Assessment and conclusion by the Supreme Court
The Supreme Court noted that the older of the children was already about 13½ years old, which means that the child’s views were as a premise to be taken into account when assessing a possible return order. A departure from this premise regarding a child of this age would require that there be doubts as to the degree of maturity of the child notwithstanding his or her age, or as to whether the opinion is based on his or her own, independent will. In the present case, there were no circumstances that would indicate that the capacity of the older of the children to consider the issue of being returned did not correspond to his or her age level. It was also noted that the child could be seen to have formed and expressed a genuine opinion, without coercion, persuasion, manipulation, or other improper influences.
The Supreme Court noted that during the hearing the older of the children had objected to being returned with several reasons relating to Spain. It was apparent that the child genuinely objected to the idea of living in Spain and thought of everything relating to Spain as highly negative. Thus, the objection of the older of the children was based on a very serious negative attitude towards the state of residence. It was evident in the hearing that the objection of the child was forceful and long-lasting. The reasons mentioned by the child were not merely at the level of the child rather staying in Finland than returning to Spain, or that the child would rather live with the mother than the father, but the objection was based on more fundamental reasons. The Supreme Court held that the opinion of the older of the children was based on firm consideration and that the child had been able to think about its consequences both over the short and the long term. The older of the children had thus attained an age and degree of maturity that his or her view was to be taken into account.
The Supreme Court held also that in the context of a return order, the children should not be separated unless there are very persuasive reasons for it.

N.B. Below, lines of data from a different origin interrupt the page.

(* Let $T$ be a collection of $3$-element subsets of $[n]$ and let $\mathcal{A}=\{U_{ijk}:\{i,j,k\}\in T\}$, a subarrangement of the $3$-equal arrangement in $\mathbb{R}^n$. Then $\mathcal{A}$ intersects every chamber of the real braid arrangement $\mathcal{B}_n$ in a codimension-$2$ subcomplex (so that, by the theorem of Davis–Januszkiewicz–Scott, the complement $\mathcal{M}_\mathcal{A}=\mathbb{R}^n-\bigcup_{H\in\mathcal{A}}H$ is a $K(\pi,1)$ space) if and only if every permutation $w=w_1w_2\cdots w_n$ of $[n]$ has some consecutive triple in $T$, i.e. there is $j$ with $\{w_j,w_{j+1},w_{j+2}\}\in T$.
   Context: $U_{ijk}=\{u\in\mathbb{R}^n:u_i=u_j=u_k\}$. The real braid arrangement $\mathcal{B}_n$ consists of the hyperplanes $u_i=u_j$, $1\le i<j\le n$; its chambers are the connected components of the complement, namely the cones $u_{w_1}>u_{w_2}>\cdots>u_{w_n}$ for permutations $w$ of $[n]$, each a simplicial cone whose faces are obtained by turning some of the inequalities $u_{w_k}>u_{w_{k+1}}$ into equalities. The theorem of Davis–Januszkiewicz–Scott states: if $\mathcal{H}$ is a simplicial real hyperplane arrangement and $\mathcal{A}$ is an arrangement of codimension-$2$ subspaces in $\mathcal{H}$ intersecting every chamber in a codimension-$2$ subcomplex, then $\mathcal{M}_\mathcal{A}$ is $K(\pi,1)$. *)

From HB Require Import structures.
From mathcomp Require Import all_boot all_order all_algebra all_fingroup.
From mathcomp Require Import reals.
Set Implicit Arguments. Unset Strict Implicit. Unset Printing Implicit Defensive.
Import Order.TTheory GRing.Theory Num.Theory.
Local Open Scope ring_scope.

Section Defs.
Variables (R : realType) (n : nat).

Definition pt := 'I_n -> R.

(* The (closed) face of the closure of the chamber
   u_{w_1} > u_{w_2} > ... > u_{w_n} of the braid arrangement B_n obtained by
   turning the inequalities at the positions j in S (between positions j and
   j+1, 0-indexed) into equalities.  Its codimension is #|S|. *)
Definition braid_face (w : 'S_n) (S : {set 'I_n}) (u : pt) : Prop :=
  forall j k : 'I_n, val k = (val j).+1 ->
    u (w k) <= u (w j) /\ (j \in S -> u (w j) = u (w k)).

Definition closed_chamber (w : 'S_n) : pt -> Prop := braid_face w set0.

Definition face_positions (S : {set 'I_n}) : Prop :=
  forall j, j \in S -> ((val j).+1 < n)%N.

Definition arr_union (T : {set {set 'I_n}}) (u : pt) : Prop :=
  exists2 t, t \in T & forall i j, i \in t -> j \in t -> u i = u j.

(* X meets the closed chamber w in a codimension-2 subcomplex: the
   intersection is a union of faces of codimension >= 2, and it contains a
   face of codimension exactly 2. *)
Definition meets_in_codim2_subcomplex (w : 'S_n) (X : pt -> Prop) : Prop :=
  (exists F : {set {set 'I_n}},
     (forall S, S \in F -> face_positions S /\ (2 <= #|S|)%N) /\
     (forall u, (X u /\ closed_chamber w u) <->
                exists2 S, S \in F & braid_face w S u)) /\
  (exists S : {set 'I_n}, [/\ face_positions S, #|S| = 2%N &
                              forall u, braid_face w S u -> X u]).

End Defs.

(* If t = {w a, w b, w c} with a < b < c, a point of the chamber lies in U_t
   exactly when every position of [a, c) is an equality: the chamber inequalities
   squeeze everything between u (w a) and u (w c).  Hence the arrangement meets
   the chamber in the faces whose equality set contains such a span, all of
   codimension c - a >= 2, and a codimension-2 face lies in some U_t only if
   c = a + 2, i.e. t is a consecutive triple of w.  For the latter it suffices
   to test a generic point of the face, one satisfying no equality beyond S. *)

From HB Require Import structures.
From mathcomp Require Import all_boot all_order all_algebra all_fingroup.
From mathcomp Require Import reals boolp zify.
Set Implicit Arguments. Unset Strict Implicit. Unset Printing Implicit Defensive.
Import Order.TTheory GRing.Theory Num.Theory.

Lemma ord_succ_ind n (r : rel 'I_n) : reflexive r -> transitive r ->
  forall i k : 'I_n, i <= k ->
  (forall j j' : 'I_n, val j' = (val j).+1 -> i <= j -> j' <= k -> r j j') ->
  r i k.
Proof.
move=> rr rt i [k kn]; elim: k kn => [|k IH] kn /= ik step.
  by have -> : i = Ordinal kn by apply: val_inj; rewrite /=; lia.
case: (ltngtP i k.+1) ik => // [ilt | ieq] _; last first.
  by have -> : i = Ordinal kn by apply: val_inj.
have kn' : k < n := ltnW kn.
apply: (rt (Ordinal kn')); last exact: step.
by apply: IH => // j j' jj' ij j'k; apply: step => //; apply: leqW.
Qed.

Lemma card3_ord_sorted n (A : {set 'I_n}) : #|A| = 3 ->
  exists a b c : 'I_n, [/\ a < b, b < c & A = [set a; b; c]].
Proof.
move=> A3.
have srt : sorted (relpre val ltn) (enum A).
  rewrite /enum_mem -enumT; apply: sorted_filter.
    by move=> ? ? ?; apply: ltn_trans.
  by rewrite -sorted_map val_enum_ord iota_ltn_sorted.
have := set_enum A; move: srt; rewrite cardE in A3.
case: (enum A) A3 => [|a [|b [|c []]]] //= _ /and3P [ab bc _] <-.
by exists a, b, c; split => //; apply/setP => x; rewrite !inE orbA.
Qed.

Lemma card3_perm_positions n (w : 'S_n) (t : {set 'I_n}) : #|t| = 3 ->
  exists a b c : 'I_n, [/\ a < b, b < c & t = [set w a; w b; w c]].
Proof.
move=> t3; have := @card3_ord_sorted n (w^-1 @: t)%g.
rewrite card_imset ?t3; last exact: perm_inj.
case=> // a [b [c [ab bc E]]]; exists a, b, c; split => //.
apply/setP => x.
have := mem_imset (f := (w^-1)%g) t x (@perm_inj _ (w^-1)%g).
by rewrite E !inE => <-; rewrite !(can2_eq (permKV w) (permK w)).
Qed.

Lemma card2_span_consecutive n (S : {set 'I_n}) (a b c : 'I_n) :
  #|S| <= 2 -> a < b < c -> (forall j : 'I_n, a <= j < c -> j \in S) ->
  val b = (val a).+1 /\ val c = (val a).+2.
Proof.
move=> S2 /andP [ab bc] span.
have no_three (x y z : 'I_n) : x < y -> y < z -> z < c -> a <= x -> False.
  move=> xy yz zc ax; have: 3 <= #|S|; last by rewrite ltnNge S2.
  have -> : 3 = #|[set x; y; z]|.
    have neqF (p q : 'I_n) : p < q -> (p == q) = false := @ltn_eqF p q.
    by rewrite -setUA cardsU1 cards2 !inE !neqF // (ltn_trans xy yz).
  apply/subset_leq_card/subsetP => q; rewrite !inE => /orP [/orP [] | ] /eqP ->;
    apply: span; apply/andP; split; lia.
have ba : val b = (val a).+1.
  apply/eqP; rewrite eqn_leq ab andbT leqNgt; apply/negP => lt.
  apply: (no_three a (Ordinal (ltn_trans lt (ltn_ord b))) b).
  - exact: ltnSn.
  - exact: lt.
  - exact: bc.
  - exact: leqnn.
have cb : val c = (val b).+1.
  apply/eqP; rewrite eqn_leq bc andbT leqNgt; apply/negP => lt.
  apply: (no_three a b (Ordinal (ltn_trans lt (ltn_ord c)))).
  - exact: ab.
  - exact: ltnSn.
  - exact: lt.
  - exact: leqnn.
by rewrite cb ba.
Qed.

Section BraidFaces.
Variables (R : realType) (n : nat) (w : 'S_n).
Implicit Types (S : {set 'I_n}) (u v : pt R n).

Lemma braid_face_chamber S u : braid_face w S u -> closed_chamber w u.
Proof. by move=> fu j k jk; split; [exact: (fu j k jk).1 | rewrite inE]. Qed.

Lemma closed_chamber_antitone u : closed_chamber w u ->
  forall i k : 'I_n, i <= k -> (u (w k) <= u (w i))%R.
Proof.
move=> cu i k ik; apply: (ord_succ_ind (r := fun j k => u (w k) <= u (w j))%R) => //.
- by move=> y x z xy yz; apply: le_trans yz xy.
- by move=> j j' jj' _ _; exact: (cu j j' jj').1.
Qed.

Lemma braid_face_const S u : braid_face w S u -> forall i k : 'I_n, i <= k ->
  (forall j : 'I_n, i <= j < k -> j \in S) -> u (w i) = u (w k).
Proof.
move=> fu i k ik iS; apply/eqP.
apply: (ord_succ_ind (r := fun j k => u (w j) == u (w k))) => //.
- by move=> y x z /eqP -> /eqP ->.
- move=> j j' jj' ij j'k; apply/eqP/(fu j j' jj').2/iS.
  by rewrite ij -ltnS -jj'.
Qed.

Lemma closed_chamber_eq_gap u (i j j' k : 'I_n) : closed_chamber w u ->
  u (w i) = u (w k) -> val j' = (val j).+1 -> i <= j -> j' <= k ->
  u (w j) = u (w j').
Proof.
move=> cu eik jj' ij j'k; have anti := closed_chamber_antitone cu.
apply/le_anti; rewrite (cu j j' jj').1 andbT.
by apply: le_trans (anti _ _ ij) _; rewrite eik; apply: anti.
Qed.

Definition eq_positions u : {set 'I_n} :=
  [set j | [exists k : 'I_n, (val k == (val j).+1) && (u (w j) == u (w k))]].

Lemma eq_positions_face_positions u : face_positions (eq_positions u).
Proof.
by move=> j; rewrite inE => /existsP [k /andP [/eqP <- _]]; apply: ltn_ord.
Qed.

Lemma braid_face_eq_positions u :
  closed_chamber w u -> braid_face w (eq_positions u) u.
Proof.
move=> cu j k jk; split; first exact: (cu j k jk).1.
rewrite inE => /existsP [k' /andP [/eqP k'j /eqP ->]].
by congr (u (w _)); apply: val_inj; rewrite k'j jk.
Qed.

Lemma eq_positions_span u (a c : 'I_n) : closed_chamber w u ->
  u (w a) = u (w c) -> forall j : 'I_n, a <= j < c -> j \in eq_positions u.
Proof.
move=> cu eac j /andP [aj jc].
have jn : (val j).+1 < n := leq_ltn_trans jc (ltn_ord c).
rewrite inE; apply/existsP; exists (Ordinal jn); rewrite eqxx /=.
by apply/eqP/(closed_chamber_eq_gap cu eac).
Qed.

End BraidFaces.

Section FaceHeight.
Variables (n : nat) (S : {set 'I_n}).

Definition face_height (p : 'I_n) : nat :=
  #|[set j : 'I_n | (j < p) && (j \notin S)]|.

Lemma face_height_mono (p q : 'I_n) : p <= q -> face_height p <= face_height q.
Proof.
move=> pq; apply/subset_leq_card/subsetP => j.
by rewrite !inE => /andP [jp ->]; rewrite (leq_trans jp pq).
Qed.

Lemma face_height_succ (j k : 'I_n) : val k = (val j).+1 -> j \in S ->
  face_height j = face_height k.
Proof.
move=> kj jS; apply: eq_card => i; rewrite !inE kj ltnS [i <= _]leq_eqVlt.
by case: eqP => [/val_inj -> | _] //=; rewrite jS ltnn.
Qed.

Lemma face_height_strict (i j k : 'I_n) : i <= j < k -> j \notin S ->
  face_height i < face_height k.
Proof.
move=> /andP [ij jk] jS; apply/proper_card/properP; split.
  apply/subsetP => x; rewrite !inE => /andP [xi ->].
  by rewrite (leq_trans xi) // (leq_trans ij) // ltnW.
by exists j; rewrite !inE ?jk ?jS // ltnNge ij.
Qed.

End FaceHeight.

Section GenericPoint.
Variables (R : realType) (n : nat) (w : 'S_n) (S : {set 'I_n}).

Definition generic_point : pt R n :=
  fun x => (- (face_height S (w^-1 x)%g)%:R)%R.

Lemma generic_point_face : braid_face w S generic_point.
Proof.
move=> j k kj; rewrite /generic_point !permK lerN2 ler_nat.
split; first by apply: face_height_mono; rewrite kj.
by move=> jS; rewrite (face_height_succ kj jS).
Qed.

Lemma generic_point_eq_span (i k : 'I_n) :
  generic_point (w i) = generic_point (w k) ->
  forall j : 'I_n, i <= j < k -> j \in S.
Proof.
rewrite /generic_point !permK => /oppr_inj /eqP; rewrite eqr_nat => /eqP ik j ijk.
by apply: contraT => jS; move: (face_height_strict ijk jS); rewrite ik ltnn.
Qed.

End GenericPoint.

Section ArrangementFaces.
Variables (R : realType) (n : nat) (T : {set {set 'I_n}}) (w : 'S_n).
Hypothesis HT : forall t, t \in T -> #|t| = 3.
Implicit Types (S : {set 'I_n}) (u v : pt R n).

Lemma braid_face_sub_arr_union S (a b c : 'I_n) :
  [set w a; w b; w c] \in T -> a <= b <= c ->
  (forall j : 'I_n, a <= j < c -> j \in S) ->
  forall v, braid_face w S v -> arr_union T v.
Proof.
move=> tT /andP [ab bc] span v fv; exists [set w a; w b; w c] => //.
have vab : v (w a) = v (w b).
  apply: (braid_face_const fv) => // j /andP [aj jb].
  by rewrite span ?aj ?(leq_trans jb).
have vbc : v (w b) = v (w c).
  apply: (braid_face_const fv) => // j /andP [bj jc].
  by rewrite span ?jc ?(leq_trans ab).
suff vt x : x \in [set w a; w b; w c] -> v x = v (w a) by move=> x y /vt -> /vt ->.
by rewrite !inE => /orP [/orP [] | ] /eqP ->; rewrite ?vab ?vbc.
Qed.

Lemma arr_union_chamber_faces : exists F : {set {set 'I_n}},
  (forall S, S \in F -> face_positions S /\ (2 <= #|S|)%N) /\
  (forall u, (arr_union T u /\ closed_chamber w u) <->
             exists2 S, S \in F & braid_face w S u).
Proof.
pose F := [set S | `[< [/\ face_positions S, (2 <= #|S|)%N &
                          forall v, braid_face w S v -> arr_union T v] >]].
exists F; split => [S | u].
  by rewrite inE => /asboolP [].
split => [[[t tT ut] cu] | [S /[!inE] /asboolP [_ _ SX] fu]]; last first.
  by split; [apply: SX | apply: braid_face_chamber fu].
have [a [b [c [ab bc tE]]]] := card3_perm_positions w (HT tT).
have uac : u (w a) = u (w c) by apply: ut; rewrite tE !inE eqxx ?orbT.
have span := eq_positions_span cu uac.
exists (eq_positions w u); last exact: braid_face_eq_positions.
rewrite inE; apply/asboolP; split.
- exact: eq_positions_face_positions.
- apply: leq_trans (_ : 2 <= #|[set a; b]|) _; first by rewrite cards2 neq_ltn ab.
  apply/subset_leq_card/subsetP => j /set2P [] ->;
    by rewrite span ?leqnn ?ab ?(ltnW ab) ?(ltn_trans ab).
- apply: (braid_face_sub_arr_union (a := a) (b := b) (c := c)).
  + by rewrite -tE.
  + by rewrite (ltnW ab) (ltnW bc).
  + exact: span.
Qed.

Lemma consecutive_triple_codim2_face (j k l : 'I_n) :
  val k = (val j).+1 -> val l = (val j).+2 -> [set w j; w k; w l] \in T ->
  exists S, [/\ face_positions S, #|S| = 2 &
                forall u, braid_face w S u -> arr_union T u].
Proof.
move=> kj lj tT; exists [set j; k]; split.
- by move=> i /set2P [] ->; [rewrite -kj | rewrite kj -lj]; apply: ltn_ord.
- by rewrite cards2 neq_ltn kj ltnSn.
- apply: braid_face_sub_arr_union tT _ _; first by rewrite kj lj leqnSn ltnW.
  move=> i /andP [ji]; rewrite lj ltnS leq_eqVlt ltnS => /orP [/eqP ik | ij].
    by apply/set2P; right; apply: val_inj; exact: etrans ik (esym kj).
  by apply/set2P; left; apply: val_inj; apply/eqP; rewrite eqn_leq ij ji.
Qed.

Lemma codim2_face_consecutive_triple :
  (exists S, [/\ face_positions S, #|S| = 2 &
                 forall u, braid_face w S u -> arr_union T u]) ->
  exists j k l : 'I_n,
    [/\ val k = (val j).+1, val l = (val j).+2 & [set w j; w k; w l] \in T].
Proof.
case=> S [_ S2 SX]; have [t tT ut] := SX _ (generic_point_face R w S).
have [a [b [c [ab bc tE]]]] := card3_perm_positions w (HT tT).
have uac : generic_point R w S (w a) = generic_point R w S (w c).
  by apply: ut; rewrite tE !inE eqxx ?orbT.
have abc : a < b < c by rewrite ab.
have [ba ca] := card2_span_consecutive (eq_leq S2) abc (generic_point_eq_span uac).
by exists a, b, c; rewrite -tE.
Qed.

End ArrangementFaces.

Theorem corollary6p3 (R : realType) (n : nat) (T : {set {set 'I_n}})
  (HT : forall t, t \in T -> #|t| = 3) :
  (forall w : 'S_n, meets_in_codim2_subcomplex w (@arr_union R n T)) <->
  (forall w : 'S_n, exists j k l : 'I_n,
      [/\ val k = (val j).+1, val l = (val j).+2 & [set w j; w k; w l] \in T]).
Proof.
split => H w.
  exact: codim2_face_consecutive_triple HT (H w).2.
have [j [k [l [kj lj tT]]]] := H w.
split; first exact: arr_union_chamber_faces.
exact: consecutive_triple_codim2_face kj lj tT.
Qed.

It was also in the best interests of the children that they are not separated from their stepsister, with whom they have lived for all their life.
Also the younger of the children had objected to being returned to Spain and that objection had been expressed very firmly. The objection was based on the child’s independent opinion and in the hearing the child had shown a degree of maturity that was proportionate to his or her age level. The Supreme Court held that as the younger of the children had the same opinion regarding return as his older sibling, the return of the children was to be assessed with reference to the opinion of the older of the children. Due note was also to be taken of the objective of not separating the children from each other.
Accordingly, the Supreme Court held that the objection of the children was to be taken as a valid reason to reject the return application under section 34(1)(3) of the Finnish Act on Child Custody and Right of Access.